START DATASET

(* Partial quotients are given by a : nat -> nat with a i = a_{i+1}
   (so the sequence a_1 a_2 ... is a 0, a 1, ...).
   cf_pq a n = (p_n, q_n): p_0 = 0, q_0 = 1, p_1 = 1, q_1 = a_1,
   p_{n+2} = a_{n+2} p_{n+1} + p_n, and likewise for q. *)
Fixpoint cf_pq2 (a : nat -> nat) (n : nat) : (nat * nat) * (nat * nat) :=
  match n with
  | O => ((0%nat, 1%nat), (1%nat, a O))
  | S n' =>
      let '((p0, q0), (p1, q1)) := cf_pq2 a n' in
      ((p1, q1), (a (S n') * p1 + p0, a (S n') * q1 + q0)%nat)
  end.

Definition cf_p (a : nat -> nat) (n : nat) : nat := fst (fst (cf_pq2 a n)).
Definition cf_q (a : nat -> nat) (n : nat) : nat := snd (fst (cf_pq2 a n)).

Definition is_cf (alpha : R) (a : nat -> nat) : Prop :=
  (forall i, (1 <= a i)%nat) /\
  is_lim_seq (fun n => INR (cf_p a n) / INR (cf_q a n)) alpha.

Definition begins_with (a : nat -> nat) (W : list nat) : Prop :=
  forall i, (i < List.length W)%nat -> a i = List.nth i W 0%nat.

Definition pos_word (W : list nat) : Prop := List.Forall (fun w => (1 <= w)%nat) W.

(* l |-> q_l^{1/l}, reindexed from l = 1 (value at n is q_{n+1}^{1/(n+1)}). *)
Definition qroot (a : nat -> nat) (n : nat) : R :=
  Rpower (INR (cf_q a (S n))) (/ INR (S n)).

(* Write n = |V U rev(U)| and r = |V|, and let M(W) be the product of the matrices
   [[w, 1], [1, 0]] over the letters of W.  Then M(V U rev(U)) M(V)^T = A A^T with
   A = M(V) M(U) is symmetric: its entries Q ~ q_n q_r, P1, P2 satisfy
   |Q alpha - P1|, |P1 alpha - P2| <= 2 q_r / q_n, a simultaneous approximation of
   (1, alpha, alpha^2).  For beta = (c1 alpha + c2) / (c3 alpha + c4) the integer
   N = c4 Q + c3 P1 then has N ||N alpha|| ||N beta|| << q_r^3 / q_n.  Finally
   q_r <= exp (r (log M + o(1))) and q_n >= exp (n (log m - o(1))); as
   |U_k| >= x |V_k| and x > 3/2 log M / log m - 1/2, the ratio q_r^3 / q_n tends to 0. *)

From Stdlib Require Import Reals Lra Lia List ZArith.
From Coquelicot Require Import Coquelicot.
Open Scope R_scope.

(** * Continuants and the error of the convergents *)

Section Continuants.

Variable a : nat -> nat.

Lemma cf_q_SS n : cf_q a (S (S n)) = (a (S n) * cf_q a (S n) + cf_q a n)%nat.
Proof. unfold cf_q; simpl; destruct (cf_pq2 a n) as [[p0 q0] [p1 q1]]; reflexivity. Qed.

Lemma cf_p_SS n : cf_p a (S (S n)) = (a (S n) * cf_p a (S n) + cf_p a n)%nat.
Proof. unfold cf_p; simpl; destruct (cf_pq2 a n) as [[p0 q0] [p1 q1]]; reflexivity. Qed.

Lemma cf_det n :
  INR (cf_p a (S n)) * INR (cf_q a n) - INR (cf_p a n) * INR (cf_q a (S n)) = (-1) ^ n.
Proof.
  induction n as [|n IH]; [simpl; ring|].
  rewrite cf_p_SS, cf_q_SS, !plus_INR, !mult_INR, <- tech_pow_Rmult, <- IH; ring.
Qed.

Hypothesis Ha : forall i, (1 <= a i)%nat.

Lemma cf_q_ge1_le_S n : (1 <= cf_q a n <= cf_q a (S n))%nat.
Proof.
  induction n as [|n IH]; [unfold cf_q; simpl; specialize (Ha 0%nat); lia|].
  rewrite cf_q_SS; specialize (Ha (S n)); nia.
Qed.

Lemma cf_q_ge1 n : (1 <= cf_q a n)%nat.
Proof. apply cf_q_ge1_le_S. Qed.

Lemma cf_q_mono i j : (i <= j)%nat -> (cf_q a i <= cf_q a j)%nat.
Proof. induction 1; [lia|]; pose proof (cf_q_ge1_le_S m); lia. Qed.

Lemma cf_q_double n : (2 * cf_q a n <= cf_q a (S (S n)))%nat.
Proof. rewrite cf_q_SS; pose proof (cf_q_ge1_le_S n); specialize (Ha (S n)); nia. Qed.

Lemma cf_p_le_q n : (cf_p a n <= cf_q a n)%nat.
Proof.
  enough (H : (cf_p a n <= cf_q a n /\ cf_p a (S n) <= cf_q a (S n))%nat) by apply H.
  induction n as [|n IH]; [simpl; specialize (Ha 0%nat); unfold cf_p, cf_q; simpl; lia|].
  split; [apply IH|]; rewrite cf_q_SS, cf_p_SS; nia.
Qed.

Lemma pow2_le_cf_q_cube l : (2 <= l)%nat -> (2 ^ l <= cf_q a l ^ 3)%nat.
Proof.
  enough (H : forall j, (2 ^ (j + 2) <= cf_q a (j + 2) ^ 3 /\
                         2 ^ (j + 3) <= cf_q a (j + 3) ^ 3)%nat).
  { intro Hl; replace l with (l - 2 + 2)%nat by lia; apply H. }
  induction j as [|j [IH1 IH2]].
  - pose proof (cf_q_double 0); pose proof (cf_q_mono 2 3 ltac:(lia)); simpl in *; nia.
  - split; [replace (S j + 2)%nat with (j + 3)%nat by lia; exact IH2|].
    pose proof (Nat.pow_le_mono_l _ _ 3 (cf_q_double (j + 2))) as Hd.
    replace (S (S (j + 2))) with (S j + 3)%nat in Hd by lia.
    rewrite Nat.pow_mul_l in Hd.
    replace (S j + 3)%nat with (j + 2 + 2)%nat at 1 by lia.
    rewrite Nat.pow_add_r; simpl (2 ^ 2)%nat; simpl (2 ^ 3)%nat in Hd; lia.
Qed.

END DATASET

TASK INSTRUCTIONS: Print, without alteration, only the lines above between the one holding "tends to 0. *)" and the one holding "Variable a : nat -> nat.", inclusive.

SOLUTION TO THE EXERCISE:
   |U_k| >= x |V_k| and x > 3/2 log M / log m - 1/2, the ratio q_r^3 / q_n tends to 0. *)

From Stdlib Require Import Reals Lra Lia List ZArith.
From Coquelicot Require Import Coquelicot.
Open Scope R_scope.

(** * Continuants and the error of the convergents *)

Section Continuants.

Variable a : nat -> nat.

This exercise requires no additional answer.